We get two estimates for λ:

fit <- fit_exp_to_stepwise_survival(surv_time, surv_prob)
print(fit)
lambda_method_1 lambda_method_2
    -0.07377279     -0.07375238

Those estimates are very similar, so let's just add the exponential curve defined by one of them to the curve shown above:

curve(expr=sapply(x, function(x){exp(fit["lambda_method_2"] * x)}), from=0, to=max(surv_time), add=TRUE, col="red")
A stepwise survival curve and an exponential curve fitted to it.

As you can see, the curve corresponding to the λ estimate appears to fit the stepwise survival curve quite well.
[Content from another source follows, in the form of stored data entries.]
(* Assume $D$ is irreducible with invariant distribution $\pi$. Then for every $m\ge1$ the steady-state binomial moment satisfies $$B_m\le\sum_{\substack{l_1+\cdots+l_k=m\\ l_1,\dots,l_k\ge1}}\frac{1}{\delta^k\,l_1(l_1+l_2)\cdots(l_1+l_2+\cdots+l_k)}\prod_{i=1}^k\lVert C_{l_i}\rVert_\infty .$$
   Context: Standing model. Fix $N\ge1$, $\delta>0$; rates $a_{i,j}\ge0$ ($i\ne j$) and $b^{[r]}_{i,j}\ge0$ ($r\ge1$) with $\sum_r r^pb^{[r]}_{i,j}<\infty$ for all $p$. $D_r:=(b^{[r]}_{i,j})$; $D_0$ has off-diagonal entries $a_{i,j}$ and diagonal $a_{i,i}:=-\sum_{k\ne i}a_{i,k}-\sum_k\sum_rb^{[r]}_{i,k}$; $D:=D_0+\sum_{r\ge1}D_r$; $C_r:=\sum_{n\ge r}\binom nrD_n$. For the Markov chain $(S(t),M(t))$ on $\{1,\dots,N\}\times\mathbb N$ with jumps $(i,m)\to(j,m)$ at rate $a_{i,j}$, $(i,m)\to(j,m+r)$ at rate $b^{[r]}_{i,j}$, $(i,m)\to(i,m-1)$ at rate $m\delta$, let $\mathbb P_{i,j}(m;t)=\Pr(S(t)=j,M(t)=m\mid S(0)=i,M(0)=0)$, $[\mathcal B_m(t)]_{i,j}=\sum_{n\ge m}\binom nm\mathbb P_{i,j}(n;t)$, and $B_m:=\lim_{t\to\infty}\pi^\top\mathcal B_m(t)\mathbf 1$. Equivalently $B_m=\sum_{l_1+\cdots+l_k=m}\frac1{m\delta}\pi^\top C_{l_1}(l_1\delta I-D)^{-1}C_{l_2}\cdots[(l_1+\cdots+l_{k-1})\delta I-D]^{-1}C_{l_k}\mathbf 1$. $\lVert\cdot\rVert_\infty$ is the matrix norm induced by the vector max-norm (maximum absolute row sum). Sums over ''$l_1+\cdots+l_k=m$'' range over all $k\ge1$ and ordered compositions of $m$ into positive parts. *)

From HB Require Import structures.
From mathcomp Require Import all_boot all_order all_algebra.
From mathcomp Require Import all_classical all_reals all_analysis.
Set Implicit Arguments. Unset Strict Implicit. Unset Printing Implicit Defensive.
Import Order.TTheory GRing.Theory Num.Theory.
Local Open Scope ring_scope.

Section Model.
Variables (R : realType) (N : nat).
Variable (a : 'I_N -> 'I_N -> R).      (* a i j, used for i <> j *)
Variable (b : nat -> 'I_N -> 'I_N -> R). (* b r i j = b^{[r]}_{i,j}, used for r >= 1 *)

Definition rsum_from (m : nat) (u : nat -> R) : R :=
  limn (fun n => \sum_(m <= k < n) u k).

Definition Dr (r : nat) : 'M[R]_N := \matrix_(i, j) b r i j.

Definition D0 : 'M[R]_N := \matrix_(i, j)
  if i == j then
    - (\sum_(k < N | k != i) a i k) - \sum_(k < N) rsum_from 1 (fun r => b r i k)
  else a i j.

Definition Dgen : 'M[R]_N :=
  D0 + \matrix_(i, j) rsum_from 1 (fun r => b r i j).

Definition Cmat (r : nat) : 'M[R]_N :=
  \matrix_(i, j) rsum_from r (fun n => 'C(n, r)%:R * b n i j).

(* C_{l_1} (l_1 d I - D)^{-1} C_{l_2} ... [(l_1+...+l_{k-1}) d I - D]^{-1} C_{l_k},
   with acc = sum of the parts already consumed *)
Fixpoint chain (delta : R) (acc : nat) (s : seq nat) : 'M[R]_N :=
  match s with
  | [::] => 1%:M
  | l :: s' =>
      match s' with
      | [::] => Cmat l
      | _ => Cmat l *m invmx (((acc + l)%:R * delta)%:M - Dgen)
                 *m chain delta (acc + l) s'
      end
  end.

End Model.

Fixpoint comps_aux (fuel n : nat) : seq (seq nat) :=
  if n == 0%N then [:: [::]] else
  match fuel with
  | 0 => [::]
  | f.+1 => flatten [seq map (cons l) (comps_aux f (n - l)) | l <- iota 1 n]
  end.

Definition compositions (m : nat) : seq (seq nat) := comps_aux m m.

Definition Bmoment (R : realType) (N : nat) (a : 'I_N -> 'I_N -> R)
  (b : nat -> 'I_N -> 'I_N -> R) (delta : R) (pi : 'rV[R]_N) (m : nat) : R :=
  \sum_(s <- compositions m)
     (m%:R * delta)^-1 * (pi *m chain a b delta 0 s *m (const_mx 1 : 'cV[R]_N)) 0 0.

Definition norm_inf (R : realType) (N : nat) (A : 'M[R]_N) : R :=
  \big[Num.max/0]_(i < N) \sum_(j < N) `|A i j|.

Definition irreducible_gen (R : realType) (N : nat) (Q : 'M[R]_N) : Prop :=
  forall i j : 'I_N, connect (fun x y => (x != y) && (0 < Q x y)) i j.

Definition invariant_dist (R : realType) (N : nat) (Q : 'M[R]_N) (pi : 'rV[R]_N) : Prop :=
  (forall i, 0 <= pi 0 i) /\ \sum_(i < N) pi 0 i = 1 /\ pi *m Q = 0.

From HB Require Import structures.
From mathcomp Require Import all_boot all_order all_algebra.
From mathcomp Require Import all_classical all_reals all_analysis.
From mathcomp Require Import ring.

Set Implicit Arguments.
Unset Strict Implicit.
Unset Printing Implicit Defensive.
Import Order.TTheory GRing.Theory Num.Theory.
Local Open Scope ring_scope.

(* Every summand of B_m has the form pi^T M 1 / (m delta), and pi^T M 1 <= ||M||_oo
   because pi is a probability vector.  The norm is submultiplicative, and since D is nonnegative off the
   diagonal with zero row sums, a maximum principle at the largest entry of x gives
   c ||x||_oo <= ||(c I - D) x||_oo, hence ||(c I - D)^-1||_oo <= 1/c for c > 0.
   Taking c = (l_1 + ... + l_j) delta bounds the j-th resolvent of the chain, and
   the prefactor 1/(m delta) supplies the last factor since m = l_1 + ... + l_k. *)

Section NormInf.
Variables (R : realType) (N : nat).
Implicit Types A B : 'M[R]_N.

Lemma norm_inf_ge0 A : 0 <= norm_inf A.
Proof.
apply: (big_ind (fun x => 0 <= x)) => // [x y x0 y0|i _].
  by rewrite le_max x0.
exact: sumr_ge0.
Qed.

Lemma row_norm_le_norm_inf A i : \sum_j `|A i j| <= norm_inf A.
Proof. exact: le_bigmax. Qed.

Lemma norm_inf_le A c :
  0 <= c -> (forall i, \sum_j `|A i j| <= c) -> norm_inf A <= c.
Proof. by move=> c0 rowA; apply: bigmax_le. Qed.

Lemma norm_inf_mulmx A B : norm_inf (A *m B) <= norm_inf A * norm_inf B.
Proof.
apply: norm_inf_le => [|i]; first by rewrite mulr_ge0 ?norm_inf_ge0.
apply: (@le_trans _ _ (\sum_j \sum_k `|A i k| * `|B k j|)).
  apply: ler_sum => j _; rewrite mxE; apply: le_trans (ler_norm_sum _ _ _) _.
  by apply: ler_sum => k _; rewrite normrM.
rewrite exchange_big /=.
apply: (@le_trans _ _ (\sum_k `|A i k| * norm_inf B)).
  by apply: ler_sum => k _; rewrite -mulr_sumr ler_wpM2l ?row_norm_le_norm_inf.
by rewrite -mulr_suml ler_wpM2r ?norm_inf_ge0 ?row_norm_le_norm_inf.
Qed.

Lemma prob_mulmx_ones_le_norm_inf (p : 'rV[R]_N) A :
  (forall i, 0 <= p 0 i) -> \sum_i p 0 i = 1 ->
  (p *m A *m (const_mx 1 : 'cV[R]_N)) 0 0 <= norm_inf A.
Proof.
move=> p_ge0 p_sum1; rewrite -mulmxA mxE.
apply: (@le_trans _ _ (\sum_i p 0 i * norm_inf A)); last first.
  by rewrite -mulr_suml p_sum1 mul1r.
apply: ler_sum => i _; rewrite ler_wpM2l // mxE.
apply: le_trans (ler_norm _) _; apply: le_trans (ler_norm_sum _ _ _) _.
apply: le_trans (row_norm_le_norm_inf A i).
by apply: ler_sum => j _; rewrite mxE mulr1.
Qed.

End NormInf.

Section Resolvent.
Variables (R : realType) (N : nat) (Q : 'M[R]_N) (c : R).
Hypothesis Q_offdiag_ge0 : forall i j, i != j -> 0 <= Q i j.
Hypothesis Q_rowsum_le0 : forall i, \sum_j Q i j <= 0.
Hypothesis c_gt0 : 0 < c.

Local Notation A := (c%:M - Q).

Lemma resolvent_at_argmax {x : 'cV[R]_N} {i : 'I_N} :
  (forall j, `|x j 0| <= `|x i 0|) -> c * `|x i 0| <= `|(A *m x) i 0|.
Proof.
move=> xi_max; set xi := x i 0.
have xi2_ge0 : 0 <= xi * xi by rewrite -expr2 sqr_ge0.
have Q_cross : \sum_j Q i j * (xi * x j 0) <= 0.
  apply: le_trans (_ : \sum_j Q i j * (xi * xi) <= 0); last first.
    by rewrite -mulr_suml mulr_le0_ge0.
  apply: ler_sum => j _; have [<-|ij] := eqVneq i j; first by [].
  rewrite ler_wpM2l ?Q_offdiag_ge0 //; apply: le_trans (ler_norm _) _.
  by rewrite normrM -[xi * xi]ger0_norm // normrM ler_wpM2l.
have sq_le : c * (xi * xi) <= xi * (A *m x) i 0.
  rewrite mulmxBl mul_scalar_mx !mxE mulrBr mulrCA lerBrDr gerDl big_distrr /=.
  by under eq_bigr do rewrite mulrCA.
have [->|xi_neq0] := eqVneq xi 0; first by rewrite normr0 mulr0.
rewrite -(@ler_pM2r _ `|xi|) ?normr_gt0 // -mulrA -normrM ger0_norm //.
by apply: le_trans sq_le _; rewrite mulrC -normrM ler_norm.
Qed.

Lemma resolvent_max_principle (x : 'cV[R]_N) k :
  exists i, c * `|x k 0| <= `|(A *m x) i 0|.
Proof.
have [i _ xi_max] := @arg_maxP _ _ _ k xpredT (fun i => `|x i 0|) isT.
exists i; apply: le_trans _ (resolvent_at_argmax (fun j => xi_max j isT)).
by rewrite ler_pM2l //; apply: xi_max.
Qed.

Lemma resolvent_unit : A \in unitmx.
Proof.
rewrite unitmxE unitfE -det_tr; apply/negP => /det0P[v /negP v_neq0 vA0].
have Av0 : A *m v^T = 0 by rewrite -[A]trmxK -trmx_mul vA0 trmx0.
apply: v_neq0; apply/eqP/matrixP => p k; rewrite (ord1 p) mxE.
have [i] := resolvent_max_principle v^T k; rewrite Av0 !mxE normr0.
by rewrite pmulr_rle0 // normr_le0 => /eqP.
Qed.

Lemma norm_inf_resolvent : norm_inf (invmx A) <= c^-1.
Proof.
apply: norm_inf_le => [|i]; first by rewrite invr_ge0 ltW.
set X := invmx A; pose y : 'cV[R]_N := \col_j Num.sg (X i j).
have Xy_i : (X *m y) i 0 = \sum_j `|X i j|.
  by rewrite mxE; apply: eq_bigr => j _; rewrite mxE normrEsg mulrC.
have [k] := resolvent_max_principle (X *m y) i.
rewrite mulmxA mulmxV ?resolvent_unit // mul1mx Xy_i ger0_norm ?sumr_ge0 //.
rewrite -ler_pdivlMl // => le_sum; apply: le_trans le_sum _.
by rewrite ger_pMr ?invr_gt0 // mxE normr_sg; case: (_ != 0).
Qed.

End Resolvent.

Section Generator.
Variables (R : realType) (N : nat).
Variables (a : 'I_N -> 'I_N -> R) (b : nat -> 'I_N -> 'I_N -> R).
Hypothesis a_ge0 : forall i j, i != j -> 0 <= a i j.
Hypothesis b_ge0 : forall r i j, (0 < r)%N -> 0 <= b r i j.
Hypothesis b_summable : forall i j, cvgn (fun n => \sum_(1 <= r < n) b r i j).

Lemma rsum_from_b_ge0 i j : 0 <= rsum_from 1 (fun r => b r i j).
Proof.
apply: limr_ge; first exact: b_summable.
apply: nearW => n; rewrite big_nat_cond.
by apply: sumr_ge0 => r /andP[/andP[r_gt0 _] _]; apply: b_ge0.
Qed.

Lemma Dgen_offdiag_ge0 i j : i != j -> 0 <= Dgen a b i j.
Proof. by move=> ij; rewrite !mxE (negbTE ij) addr_ge0 ?a_ge0 ?rsum_from_b_ge0. Qed.

Lemma Dgen_rowsum i : \sum_j Dgen a b i j = 0.
Proof.
under eq_bigr do rewrite !mxE.
rewrite big_split /= (bigD1 i) //= eqxx.
rewrite [X in _ + X + _](eq_bigr (a i)) => [|j ji]; last by rewrite eq_sym (negbTE ji).
by rewrite addrAC subrK addNr.
Qed.

End Generator.

Section Chain.
Variables (R : realType) (N : nat) (delta : R).
Variables (a : 'I_N -> 'I_N -> R) (b : nat -> 'I_N -> 'I_N -> R).

Definition chain_bound (acc : nat) (s : seq nat) : R :=
  (\prod_(l <- s) norm_inf (Cmat b l)) /
  (delta ^+ size s * \prod_(j < size s) (acc + sumn (take j.+1 s))%:R).

Lemma chain_bound_cons acc l s :
  chain_bound acc (l :: s) =
  norm_inf (Cmat b l) * ((acc + l)%:R * delta)^-1 * chain_bound (acc + l) s.
Proof.
rewrite /chain_bound big_cons /= big_ord_recl /= take0 addn0 exprS.
under [X in _ / (_ * (_ * X))]eq_bigr => j _ do rewrite /bump leq0n addnA.
rewrite !invfM; ring.
Qed.

Hypothesis delta_gt0 : 0 < delta.
Hypothesis a_ge0 : forall i j, i != j -> 0 <= a i j.
Hypothesis b_ge0 : forall r i j, (0 < r)%N -> 0 <= b r i j.
Hypothesis b_summable : forall i j, cvgn (fun n => \sum_(1 <= r < n) b r i j).

Lemma norm_inf_chain acc s : all (fun l => 0 < l)%N s -> s != [::] ->
  norm_inf (chain a b delta acc s) <=
  (acc + sumn s)%:R * delta * chain_bound acc s.
Proof.
elim: s acc => [//|l s IHs] acc /= /andP[l_gt0 s_pos] _.
have accl_delta_gt0 : 0 < (acc + l)%:R * delta.
  by rewrite mulr_gt0 // ltr0n addn_gt0 l_gt0 orbT.
rewrite chain_bound_cons addnA.
case: s IHs s_pos => [|l' s] IHs s_pos.
  rewrite /chain_bound /= big_ord0 big_nil !mulr1 expr0 invr1 mulr1.
  by rewrite addn0 mulr1 mulrCA mulfV ?lt0r_neq0 // mulr1.
apply: le_trans (norm_inf_mulmx _ _) _.
rewrite mulrCA; apply: ler_pM; rewrite ?norm_inf_ge0 ?IHs //.
apply: le_trans (norm_inf_mulmx _ _) _.
rewrite ler_pM ?norm_inf_ge0 // norm_inf_resolvent //.
- exact: Dgen_offdiag_ge0.
- by move=> i; rewrite Dgen_rowsum.
Qed.

End Chain.

Lemma mem_comps_aux f n s : s \in comps_aux f n ->
  sumn s = n /\ all (fun l => 0 < l)%N s.
Proof.
elim: f n s => [|f IHf] n s /=.
  by case: eqP => [->|_]; rewrite ?inE ?in_nil // => /eqP ->.
case: eqP => [->|_]; first by rewrite inE => /eqP ->.
move=> /flattenP[_ /mapP[l l_in ->] /mapP[s' /IHf[sum_s' s'_pos] ->]].
move: l_in; rewrite mem_iota => /andP[l_gt0 l_le]; rewrite /= l_gt0 s'_pos sum_s'.
by rewrite subnKC // -ltnS -add1n.
Qed.

Theorem mainTheorem6 (R : realType) (N : nat) (delta : R)
  (a : 'I_N -> 'I_N -> R) (b : nat -> 'I_N -> 'I_N -> R) (pi : 'rV[R]_N)
  (HN : (0 < N)%N) (Hdelta : 0 < delta)
  (Ha : forall i j : 'I_N, i != j -> 0 <= a i j)
  (Hb : forall (r : nat) (i j : 'I_N), (0 < r)%N -> 0 <= b r i j)
  (Hmom : forall (p : nat) (i j : 'I_N),
     cvgn (fun n => \sum_(1 <= r < n) (r%:R ^+ p * b r i j)))
  (Hirr : irreducible_gen (Dgen a b))
  (Hpi : invariant_dist (Dgen a b) pi)
  (m : nat) (Hm : (1 <= m)%N) :
  Bmoment a b delta pi m <=
  \sum_(s <- compositions m)
     (\prod_(l <- s) norm_inf (Cmat b l)) /
     (delta ^+ size s * \prod_(j < size s) (sumn (take j.+1 s))%:R).
Proof.
have b_summable i j : cvgn (fun n => \sum_(1 <= r < n) b r i j).
  have -> : (fun n => \sum_(1 <= r < n) b r i j) =
            (fun n => \sum_(1 <= r < n) (r%:R ^+ 0 * b r i j)).
    by apply/funext => n; under [RHS]eq_bigr do rewrite expr0 mul1r.
  exact: Hmom.
have [pi_ge0 [pi_sum1 _]] := Hpi.
rewrite /Bmoment !big_seq; apply: ler_sum => s /mem_comps_aux[sum_s s_pos].
have s_neq0 : s != [::] by apply: contraTneq Hm => s0; rewrite -sum_s s0.
have m_delta_gt0 : 0 < m%:R * delta by rewrite mulr_gt0 // ltr0n.
rewrite -ler_pdivlMl ?invr_gt0 // invrK.
apply: le_trans (prob_mulmx_ones_le_norm_inf _ pi_ge0 pi_sum1) _.
by rewrite -sum_s; exact: (norm_inf_chain Hdelta Ha Hb b_summable 0 s_pos s_neq0).
Qed.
Here's the function that does the work:

fit_exp_to_stepwise_survival <- function(surv_time, surv_prob, min_lambda=-10, method_1_subs=1000){
   #
   # Fits a curve of the form y = exp(lambda * t) to the stepwise survival curve defined by surv_time and surv_prob.
   #
   # Two methods are used for the curve fitting. Method 1 uses numerical integration to find the lambda that minimises
   # the area between the stepwise and fitted curve. Method 2 is a bit cleverer. It makes use of the fact that the
   # exponential and stepwise functions are easy to integrate.
   #
   # min_lambda is the minimum value that lambda can take in the fitted curve.
   #
   # method_1_subs is the the maximum number of integration subintervals used in method 1
   #
   # Returns a vector with two values:
   # lambda_method_1: The lambda for the fitted curve from the first method.
   # lambda_method_2: The lambda for the fitted curve from the second method.
   #

   # Check the parameters.
   if (length(surv_time) != length(surv_prob)) stop("surv_time and surv_prob must be the same length.")
   if (min_lambda >= 0) stop("min_lambda must be less than zero.")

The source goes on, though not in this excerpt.